StarGAN v2 を読む | tsumli-pages

StarGAN v2: Diverse Image Synthesis for Multiple Domains
[Choi et al. CVPR 2020] という論文を読んでいきます. (本文中の図は論文より引用).

image-to-image translationのタスクにおいて, 異なるドメイン間のマッピングを学習しなければならない. そして, それらは次の要素を満たす必要がある.

生成した画像のdiversityが広い
様々にドメインに対応できる (scalability)

introduction#

既存手法では, マッピングが2つのドメイン間に限定される (scalabilityがない) という問題点があったが, StarGAN は1つのgeneratorで複数のドメインに対応するモデルを提案した. この手法では, generatorは追加のinputとしてドメインのラベルを持ち, 画像を目的のドメインに変換させる. しかし, StarGANはそれぞれのドメイン間のマッピングを学習しているだけで, データ分布のマルチモーダルな特徴を捉えているわけではない.

Method#

Framework#

ゴールは 様々な画像を生成できる1つのgenerator $G$ を訓練すること.

Generator (Figure 1a)

$\mathbf x \in \mathcal{X}$ を画像, $y \in \mathcal{Y}$ をドメインとする. $G$ は画像とstyle code $\mathbf s$ を引数にとり, 新たな画像を生成する (AdaINを用いて $\mathbf s$ を $G$ に与える). $y$ を $G$ に与えないことで, すべてのドメインに対応する画像が生成できる.

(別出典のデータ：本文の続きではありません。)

Lemma cls_witness r t : cls (witness r t) = Some r.
Proof.
have [n] := ubnP (rank r); elim: n r t => // n IHn r t lt_rn.
rewrite witnessE; case E: (parents r) => [[a b]|]; last exact: cls_seed.
have [rT lt_a lt_b] := parents_Some E.
have def_w : hpair (witness a t) (witness b (shift r t)) = witness r t.
  by rewrite (witnessE r) E.
by rewrite (cls_hpair (IHn a _ _) (IHn b _ _)) ?def_w ?classify_witness //; lia.
Qed.

Definition base : nat := (\max_(rt : P * 'I_nwit) maxn (witness rt.1 rt.2) (seed rt)).+1.

Definition tower k : nat := iter k (expn 2) base.

Lemma base_le_tower k : base <= tower k.
Proof. by elim: k => // k IHk; rewrite /tower iterS (leq_trans IHk) // ltnW // ltn_expl. Qed.

Lemma tower_mono : {homo tower : k l / k <= l}.
Proof. by apply: homo_leq => // [k l m|k]; [exact: leq_trans | rewrite ltnW // ltn_expl]. Qed.

Lemma witness_lt_tower r t k : witness r t < tower k.
Proof.
apply: leq_trans (base_le_tower k); rewrite ltnS.
exact: leq_trans (leq_maxl _ (seed (r, t))) (leq_bigmax (r, t)).
Qed.

Lemma seed_lt_tower rt k : seed rt < tower k.
Proof.
apply: leq_trans (base_le_tower k); rewrite ltnS.
exact: leq_trans (leq_maxr (witness rt.1 rt.2) _) (leq_bigmax rt).
Qed.

Lemma cls_lt_tower w r : cls w = Some r -> w < tower (height r).
Proof.
have [n] := ubnP (height r); elim: n w r => // n IHn w r lt_rn.
case/clsP=> [[u [v [p [q [-> cu cv]]]]]|[_ [t ->]]]; last exact: seed_lt_tower.
case/classify_cases=> [[t ->]|]; first exact: witness_lt_tower.
case/up_target_Some=> _ r_up; have lt_p := r_up p (set21 p q); have lt_q := r_up q (set22 p q).
case: (height r) lt_p lt_q lt_rn => [//|k] lt_p lt_q lt_rn.
rewrite /tower iterS; apply: hf_ltn_exp2 => z; rewrite hmem_hpair => /orP[]/eqP->.
  by apply: leq_trans (IHn _ _ _ cu) (tower_mono _); lia.
by apply: leq_trans (IHn _ _ _ cv) (tower_mono _); lia.
Qed.

Definition cls_bound : nat := tower (\max_r height r).

Lemma cls_lt_bound w r : cls w = Some r -> w < cls_bound.
Proof. by move/cls_lt_tower/leq_trans; apply; apply/tower_mono/leq_bigmax. Qed.

Definition cls_in (X : {set P}) (w : hf) : bool := if cls w is Some r then r \in X else false.

Lemma cls_in_setU X Y w : cls_in (X :|: Y) w = cls_in X w || cls_in Y w.
Proof. by rewrite /cls_in; case: (cls w) => // r; rewrite inE. Qed.

Lemma cls_in_setD X Y w : cls_in (X :\: Y) w = cls_in X w && ~~ cls_in Y w.
Proof. by rewrite /cls_in; case: (cls w) => // r; rewrite inE andbC. Qed.

Lemma cls_in_witness X r t : cls_in X (witness r t) = (r \in X).
Proof. by rewrite /cls_in cls_witness. Qed.

Lemma cls_in_hpair (X Y Z : {set P}) u v :
  (forall p q, p \in Y -> q \in Z -> T [set p; q] != set0 /\ T [set p; q] \subset X) ->
  cls_in Y u -> cls_in Z v -> cls_in X (hpair u v).
Proof.
rewrite /cls_in => YZ_X; case cu: (cls u) => [p|] // pY; case cv: (cls v) => [q|] // qZ.
have [TA_n0 TA_X] := YZ_X p q pY qZ; rewrite (cls_hpair cu cv).
have /(classify_otimes (hpair u v)) : otimes_node T [set p; q].
  by split; first exact: is_node_set2.
by case E: classify => [r|] // _; apply: (subsetP TA_X); exact: classify_in E.
Qed.

Lemma cls_in_hpair_inv (X Y Z : {set P}) w :
  (forall r, r \in X -> exists A, in_otimes Y Z A /\ r \in T A) ->
  (forall A, is_node A -> ~ in_otimes Y Z A -> T A :&: X = set0) ->
  cls_in X w -> exists u v, [/\ cls_in Y u, cls_in Z v & w = hpair u v].
Proof.
rewrite /cls_in => X_YZ YZ_only; case E: (cls w) => [r|] // rX.
have [_ [[a [b [_ _ ->]]] rT]] := X_YZ r rX.
case/clsP: E => [[u [v [p [q [-> cu cv /classify_in rTpq]]]]]|[/parents_None src_r _]]; last first.
  by have := src_r _ (is_node_set2 a b); rewrite rT.
have [p' [q' [p'Y q'Z /set2_inj]]] : in_otimes Y Z [set p; q].
  apply: Classical_Prop.NNPP => /(YZ_only _ (is_node_set2 p q)) /setP /(_ r).
  by rewrite !inE rTpq rX.
by case=> -[ep eq]; [exists u, v | exists v, u]; rewrite cu cv ep eq // hpairC.
Qed.

Definition model (F : nat -> {set P}) (x : nat) : hf :=
  enc [seq w <- iota 0 cls_bound | cls_in (F x) w].

Lemma hmem_model F x w : hmem w (model F x) = cls_in (F x) w.
Proof.
rewrite /model hmem_enc mem_filter mem_iota /cls_in.
by case E: (cls w) => [r|] //; rewrite add0n (cls_lt_bound E) leq0n !andbT.
Qed.

Lemma lit_fulfilled_sat F l : lit_fulfilled T F l -> lit_sat (model F) l.
Proof.
case: l => [x y z|x y z|x y z|x y] /=.
- by move=> Fx w; rewrite !hmem_model Fx cls_in_setU; split=> /orP.
- by move=> Fx w; rewrite !hmem_model Fx cls_in_setD; split=> /andP.
- move=> [YZ_X X_YZ YZ_only] w; rewrite hmem_model; split.
    by case/(cls_in_hpair_inv X_YZ YZ_only)=> u [v]; exists u, v; rewrite !hmem_model.
  by case=> u [v []]; rewrite !hmem_model => Yu Zv ->; exact: cls_in_hpair YZ_X Yu Zv.
- move=> neq_F E; apply: neq_F; apply/setP => r.
  by rewrite -!(cls_in_witness _ r ord0) -!hmem_model E.
Qed.

Lemma fulfilling_satisfies F Phi : fulfilling T F Phi -> satisfies (model F) Phi.
Proof. by move=> fulF l /fulF/lit_fulfilled_sat. Qed.

End Model.

Theorem lemma15 (Phi : seq lit) (P : finType) (T : {set P} -> {set P}) :
  accessible_graph T ->
  (exists lt : rel P, topological_order T lt) ->
  fulfills T Phi ->
  exists M : nat -> hf, satisfies M Phi.
Proof.
move=> /accessible_ranked[rank rankP] [lt /topological_height heightP] [F fulF].
by exists (model T rank (lt_height lt) F); exact (fulfilling_satisfies rankP heightP fulF).
Qed.
(* Let $(V,g)$ be a Euclidean vector space of dimension $4$. Let $R$ be an algebraic curvature tensor on $V$ and $\mathring{R}$ its induced curvature operator of the second kind. (1) If $\mathring{R}\in\mathcal{C}(\alpha,1)$ with $1\le\alpha\le3$, or $\mathring{R}\in\mathcal{C}(\alpha,9\alpha^{-1}-2)$ with $3\le\alpha<9$, then $R$ has nonnegative isotropic curvature. (2) If $\mathring{R}\in\mathring{\mathcal{C}}(\alpha,1)$ with $1\le\alpha\le3$, or $\mathring{R}\in\mathring{\mathcal{C}}(\alpha,9\alpha^{-1}-2)$ with $3\le\alpha<9$, then $R$ has positive isotropic curvature.
   Context: $S^2_0(V)$ is the space of traceless symmetric two-tensors (dimension $N=9$). An algebraic curvature tensor is $R\in S^2(\wedge^2V)$ satisfying the first Bianchi identity. $\mathring{R}=\pi\circ\overline{R}:S^2_0(V)\to S^2_0(V)$ with $\overline{R}(h)_{ij}=\sum_{k,l}R_{iklj}h_{kl}$ and $\pi$ the projection onto traceless tensors. For a symmetric operator with eigenvalues $\lambda_1\le\cdots\le\lambda_N$ and average $\bar\lambda$, write $\lambda_1+\cdots+\lambda_\alpha:=\lambda_1+\cdots+\lambda_{[\alpha]}+(\alpha-[\alpha])\lambda_{[\alpha]+1}$; $\mathcal{C}(\alpha,\theta)$ ($\theta>-1$) is the cone of symmetric operators on $S^2_0(V)$ with $\alpha^{-1}(\lambda_1+\cdots+\lambda_\alpha)\ge-\theta\bar\lambda$, and $\mathring{\mathcal{C}}(\alpha,\theta)$ its interior. $R$ has nonnegative (resp. positive) isotropic curvature if $R_{1313}+R_{1414}+R_{2323}+R_{2424}-2R_{1234}\ge0$ (resp. $>0$) for every orthonormal four-frame $\{e_1,e_2,e_3,e_4\}$, where $R_{ijkl}=R(e_i,e_j,e_k,e_l)$. *)

From HB Require Import structures.
From mathcomp Require Import all_boot all_order all_algebra.
From mathcomp Require Import reals.
Set Implicit Arguments. Unset Strict Implicit. Unset Printing Implicit Defensive.
Import Order.TTheory GRing.Theory Num.Theory.
Local Open Scope ring_scope.

Section Defs.
Variable R : realType.

(* V = R^4 with its standard inner product; a 4-tensor is given by its
   components R_{ijkl} in the standard orthonormal basis (indices 0..3). *)
Definition tensor4 := 'I_4 -> 'I_4 -> 'I_4 -> 'I_4 -> R.

Definition is_alg_curv (Rm : tensor4) : Prop :=
  [/\ forall i j k l, Rm i j k l = - Rm j i k l,
      forall i j k l, Rm i j k l = - Rm i j l k,
      forall i j k l, Rm i j k l = Rm k l i j
    & forall i j k l, Rm i j k l + Rm j k i l + Rm k i j l = 0].

Definition Reval (Rm : tensor4) (x y z w : 'I_4 -> R) : R :=
  \sum_a \sum_b \sum_c \sum_d Rm a b c d * x a * y b * z c * w d.

Definition vdot (x y : 'I_4 -> R) : R := \sum_k x k * y k.

(* orthonormal four-frame {e_1,...,e_4} = {e 0, ..., e 3} *)
Definition orthonormal_frame (e : 'I_4 -> 'I_4 -> R) : Prop :=
  forall i j, vdot (e i) (e j) = (i == j)%:R.

Definition iso_curv (Rm : tensor4) (e : 'I_4 -> 'I_4 -> R) : R :=
  let e1 := e (inord 0) in let e2 := e (inord 1) in
  let e3 := e (inord 2) in let e4 := e (inord 3) in
  Reval Rm e1 e3 e1 e3 + Reval Rm e1 e4 e1 e4 + Reval Rm e2 e3 e2 e3
  + Reval Rm e2 e4 e2 e4 - 2 * Reval Rm e1 e2 e3 e4.

Definition nonneg_iso_curv (Rm : tensor4) : Prop :=
  forall e, orthonormal_frame e -> 0 <= iso_curv Rm e.

Definition pos_iso_curv (Rm : tensor4) : Prop :=
  forall e, orthonormal_frame e -> 0 < iso_curv Rm e.

(* symmetric two-tensors on V are 4x4 matrices; induced inner product *)
Definition mdot (A B : 'M[R]_4) : R := \sum_i \sum_j A i j * B i j.

Definition Rbar (Rm : tensor4) (h : 'M[R]_4) : 'M[R]_4 :=
  \matrix_(i, j) \sum_k \sum_l Rm i k l j * h k l.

Mapping network (Figure 1b)

latent code $\mathbf z$ とドメイン $y$が与えられたとき, mapping network $F$ は style code $\mathbf{s}$ を生成する $$ \mathbf s = F_y (\mathbf z) $$

Style encoder (Figure 1c)

画像 $\mathbf{x}$ と対応するドメイン $y$ が与えられたとき, encoder $E$ は $\mathbf x$ に対応するstyle code $\mathbf s$ を生成する $$ \mathbf s = E_y(\mathbf x) $$

Discriminator (Figure 1d)

discriminator $D$ は複数のoutput branchを持つmulti-task discriminatorである. それぞれのbranch $D_y$ は$\mathbf x$ が $y$ に属する本当の画像か, それとも偽物の画像か判定する.

Training Objectives#

4つのロスを組み合わせたロスを用いる

1. Adversarial objective

訓練するとき, latent code $\mathbf z$ とターゲットドメイン $\tilde y \in \mathcal{Y}$ をランダムにとってくる. そして, ターゲットstyle code $\tilde{\mathbf s} = F_\tilde{y}(\mathbf{z})$ を求めたあと, $\mathbf{x}$ と $\tilde{\mathbf{s}}$ を入力として $G$ を学習させる. このとき, adversarial lossを用いる. $$ \mathcal{L}_{adv} = \mathbb{E}_{\mathbf x, y}[\log D_y(\mathbf x)] + \mathbb{E}_{\mathbf x, \tilde{y}, \mathbf{z}}[\log (1-D_\tilde{y}(G(\mathbf{x}, \tilde{\mathbf{s}})))] $$

2. Style reconstruction

生成画像からstyle codeをマッピングし, それとstyle codeの間のロスを計算する

\begin{align*} \mathcal{L}_{sty} &= \mathbb{E}_{\mathbf{x}, \tilde{y}, \mathbf{z}} [||\tilde{\mathbf{s}} - E_{\tilde{y}}(G(\mathbf{x}, \tilde{\mathbf{s}}))||_1]\\\
\end{align*}

3. Style diversification

$G$ が多様な画像を生成するためのロス \begin{align*} \mathcal{L}_{ds} &= \mathbb{E}_{\mathbf{x}, y, \mathbf{z}_1, \mathbf{z}_2} [||G(\mathbf{x}, \tilde{\mathbf{s}}_1) - G(\mathbf{x}, \tilde{\mathbf{s}}_2)||_1]\\\
\end{align*} where \begin{align*} \tilde{\mathbf{s}}_i &= F_{\tilde{y}} (\mathbf{z}_i) & \mathrm{for}\ \ i \in {1, 2}\\\
\end{align*}

4. Preserving source characteristics

$G(\mathbf{x}, \tilde{\mathbf{s}})$ が $\mathbf{x}$ におけるドメインによらない特徴 (ポーズなど) をとらえるためのロス \begin{align*} \mathcal{L}_{cyc} = \mathbb{E}_{\mathbf{x}, y, \tilde{y} \mathbf{z}} [||\mathbf{x} - G(G(\mathbf{x}, \tilde{\mathbf{s}}), \hat{\mathbf{s}})||_1] \end{align*} where \begin{align*} \hat{\mathbf{s}} &= E_y(\mathbf{x}) &\text{(入力画像}\ \mathbf{x}\ \text{に対するstyle codeの予測値)} \end{align*}

Full objective

4つのロスを組み合わせる \begin{align*} \min_{G, F, E} \max_D \ \ \mathcal{L}_{adv} + \lambda_{sty} \mathcal{L}_{sty} - \lambda_{ds} \mathcal{L}_{ds} + \lambda_{cyc} \mathcal{L}_{cyc} \end{align*}

$\lambda_\cdot$: hyper-parameter